Zero-Shot Complex Question-Answering on Long Scientific Documents
Wanting Wang
TL;DR
Long scientific documents, especially in social sciences, pose substantial QA challenges due to length, multi-span extraction, and multi-hop reasoning requirements. The authors propose a zero-shot QA pipeline that integrates off-the-shelf pre-trained LMs, Retrieval Augmented Generation, bridge-entity decomposition, and answer ensemble to handle four predefined question types without fine-tuning, validated on the MLpsych dataset of 52 social psychology papers. They introduce novel evaluation metrics—Similar Match and Mentions—to capture semantic and substring-level alignments for long-form answers. Results show robust gains across extractive and long-answer tasks, demonstrating a practical, accessible approach for researchers to extract methodological and analytical information from full papers without heavy ML expertise.
Abstract
With the rapid development in Transformer-based language models, the reading comprehension tasks on short documents and simple questions have been largely addressed.

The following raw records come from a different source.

(* Both runs coincide until v is selected, and v stays selected afterwards. *)
Lemma mem_dom_run_fuel_eq (pi : policy n) L L' v m psi r r' :
  (forall u, u != v -> realis L u = realis L' u) ->
  run_fuel pi L m psi = Some r -> run_fuel pi L' m psi = Some r' ->
  (v \in dom r) = (v \in dom r').
Proof.
move=> eqL; elim: m psi => [|m IH] psi //=.
case: (pi psi) => [u|]; last by move=> [<-] [<-].
have [->|uv] := eqVneq u v; last by rewrite eqL //; apply: IH.
move=> /run_fuel_dom_subset sub /run_fuel_dom_subset sub'.
have v_ext S : v \in dom (extend psi v S) by rewrite dom_extend setU11.
by rewrite (subsetP sub _ (v_ext _)) (subsetP sub' _ (v_ext _)).
Qed.

Lemma mem_dom_PsiD_out_edges (E : {set Edge}) (pi : policy n) (L : {set Edge}) v :
  (forall L0 : {set Edge}, L0 \subset E -> run pi L0 != None) -> L \subset E ->
  (v \in dom (Psi pi (L :\: out_edges v))) = (v \in dom (Psi pi L)).
Proof.
move=> stops LE; have L'E : L :\: out_edges v \subset E.
  exact: subset_trans (subsetDl _ _) LE.
rewrite /Psi; case r_L: (run pi L) (stops _ LE) => [r|] // _.
case r_L': (run pi _) (stops _ L'E) => [r'|] // _ /=.
exact: mem_dom_run_fuel_eq (fun u uv => realisD_out_edges L uv) r_L' r_L.
Qed.

End Runs.

Lemma card_setU_bigcup_le (T I : finType) (A : {set T}) (P : pred I)
    (B : I -> {set T}) :
  (#|A :|: \bigcup_(i | P i) B i| <= #|A| + \sum_(i | P i) #|B i :\: A|)%N.
Proof.
have -> : A :|: \bigcup_(i | P i) B i = A :|: (\bigcup_(i | P i) B i) :\: A.
  by apply/setP => x; rewrite !inE; case: (x \in A).
apply: leq_trans (leq_card_setU _ _) _; rewrite leq_add2l.
apply: (big_ind2 (fun (X : {set T}) m => #|X :\: A| <= m)%N) => //.
- by rewrite set0D cards0.
- move=> X1 m1 X2 m2 le1 le2; rewrite setDUl.
  exact: leq_trans (leq_card_setU _ _) (leq_add le1 le2).
Qed.

Section Reach.
Variable n : nat.
Notation V := 'I_n.
Notation Edge := (V * V)%type.
Variable E : {set Edge}.

Definition edge_rel (L : {set Edge}) : rel V := fun u z => (u, z) \in L.

Definition reach (L : {set Edge}) (T : {set V}) : {set V} :=
  [set w | [exists t in T, connect (edge_rel L) t w]].

Lemma sigmaE L T : sigma L T = #|reach L T|. Proof. by []. Qed.

Lemma connect_edge_rel_mono (L L' : {set Edge}) :
  L \subset L' -> subrel (connect (edge_rel L)) (connect (edge_rel L')).
Proof.
by move=> sLL'; apply: connect_sub => u z uz; apply: connect1; exact: (subsetP sLL').
Qed.

Lemma reach_mono (L L' : {set Edge}) (D D' : {set V}) :
  L \subset L' -> D \subset D' -> reach L D \subset reach L' D'.
Proof.
move=> sL sD; apply/subsetP => w; rewrite !inE => /existsP [t /andP [tD tw]].
by apply/existsP; exists t; rewrite (subsetP sD _ tD) (connect_edge_rel_mono sL).
Qed.

Lemma L2_subset (L Lh : {set Edge}) (Y : {set V}) : L \subset L2 E L Lh Y.
Proof. exact: subsetUl. Qed.

Lemma L2_set0 (L Lh : {set Edge}) : L2 E L Lh set0 = L.
Proof. by apply/setP => e; rewrite /L2 !inE !andbF orbF. Qed.

Lemma L2_out_edges (L Lh : {set Edge}) (Y : {set V}) v :
  Y \subset [set v] -> L2 E L Lh Y = L2 E L (Lh :&: out_edges v) Y.
Proof.
move=> Yv; rewrite /L2 /out_edges; congr (_ :|: _); apply/setP => e; rewrite !inE.
case eY: (e.1 \in Y); last by rewrite !andbF.
by move: (subsetP Yv _ eY); rewrite inE => ev; rewrite ev !andbT.
Qed.

(* Cut the path at its last Lh-edge: it leaves some v in Y, and the rest of
   the path lies in L. *)
Lemma L2_path_split (L Lh : {set Edge}) (Y : {set V}) w x q :
  path (edge_rel (L2 E L Lh Y)) x q -> w = last x q ->
  connect (edge_rel L) x w \/
  exists2 v, v \in Y & connect (edge_rel (L2 E L Lh [set v])) v w.
Proof.
elim: q x => [|y q IH] x /=; first by move=> _ ->; left.
move=> /andP [xy yq] lastw; case: (IH y yq lastw) => [yw|]; last by right.
move: xy; rewrite /edge_rel /L2 !inE /= => /orP [xyL | /and3P [xyLh xyE xY]].
  by left; apply: connect_trans (connect1 _) yw.
right; exists x => //; apply: (connect_trans (y := y)).
  by apply: connect1; rewrite /edge_rel /L2 !inE /= xyLh xyE eqxx orbT.
exact: connect_edge_rel_mono (L2_subset _ _ _) _ _ yw.
Qed.
Definition is_long (P : exc_type) (a : 'rV[rat]_(rk P)) : Prop :=
  forall g : 'rV[rat]_(rk P), is_root g -> form g g <= form a a.

Definition roots_orthogonal (P : exc_type) (a b : 'rV[rat]_(rk P)) : Prop :=
  form a b = 0.

Definition lin_indep (n : nat) (a b : 'rV[rat]_n) : Prop :=
  forall x y : rat, x *: a + y *: b = 0 -> x = 0 /\ y = 0.

Definition in_weight_lattice (P : exc_type) (l : 'rV[rat]_(rk P)) : Prop :=
  forall a, is_root a -> copair l a \is a Num.int.

(* The character lattice Lambda of the torus of G: a subgroup with
   Q(Phi) <= Lambda <= P(Phi).  (Phi, Lambda) determines G up to iso. *)
Definition admissible_lattice (P : exc_type) (L : 'rV[rat]_(rk P) -> Prop) : Prop :=
  [/\ L 0, (forall x y, L x -> L y -> L (x - y)),
      (forall a, is_root a -> L a) & (forall x, L x -> in_weight_lattice x)].

(* T(R) = Hom(Lambda, units of R) : elements of the split maximal torus. *)
Definition torus_elt (P : exc_type) (L : 'rV[rat]_(rk P) -> Prop)
    (R : comUnitRingType) (s : 'rV[rat]_(rk P) -> R) : Prop :=
  (forall x, L x -> s x \is a GRing.unit) /\
  (forall x y, L x -> L y -> s (x + y) = s x * s y).

(* Conjugation action of s on U_a = { x_a(t) | t in R } :
   s x_a(t) s^-1 = x_a(a(s) t), where a(s) = s a.  We record the parameter. *)
Definition torus_act (P : exc_type) (R : comUnitRingType)
    (s : 'rV[rat]_(rk P) -> R) (a : 'rV[rat]_(rk P)) (t : R) : R := s a * t.

(* s centralizes U_a  (x_a is injective) *)
Definition centralizes_root_subgroup (P : exc_type) (R : comUnitRingType)
    (s : 'rV[rat]_(rk P) -> R) (a : 'rV[rat]_(rk P)) : Prop :=
  forall t, torus_act s a t = t.

(* C_{U_b}(s) = 1 : the only x_b(t) fixed by s is x_b(0) = 1 *)
Definition trivial_centralizer_in (P : exc_type) (R : comUnitRingType)
    (s : 'rV[rat]_(rk P) -> R) (b : 'rV[rat]_(rk P)) : Prop :=
  forall t, torus_act s b t = t -> t = 0.

Definition torus_witness (P : exc_type) (L : 'rV[rat]_(rk P) -> Prop)
    (R : comUnitRingType) (s : 'rV[rat]_(rk P) -> R) (a b : 'rV[rat]_(rk P)) : Prop :=
  [/\ torus_elt L s, centralizes_root_subgroup s a & trivial_centralizer_in s b].

From Pilot Require Import Defs.
From HB Require Import structures.
From mathcomp Require Import all_boot all_order all_algebra ring.
From Stdlib Require Import Classical.
Import Order.TTheory GRing.Theory Num.Theory.
Local Open Scope ring_scope.
Set Implicit Arguments. Unset Strict Implicit. Unset Printing Implicit Defensive.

Long documents, specifically the scientific documents that are densely packed with knowledge discovered and developed by humans, remain relatively unexplored. These documents often come with a set of complex and more realistic questions, adding to their complexity. We present a zero-shot pipeline framework that enables social science researchers to perform question-answering tasks that are complex yet of predetermined question formats on full-length research papers without requiring machine learning expertise. Our approach integrates pre-trained language models to handle challenging scenarios including multi-span extraction, multi-hop reasoning, and long-answer generation. Evaluating on MLPsych, a novel dataset of social psychology papers with annotated complex questions, we demonstrate that our framework achieves strong performance through combination of extractive and generative models. This work advances document understanding capabilities for social sciences while providing practical tools for researchers.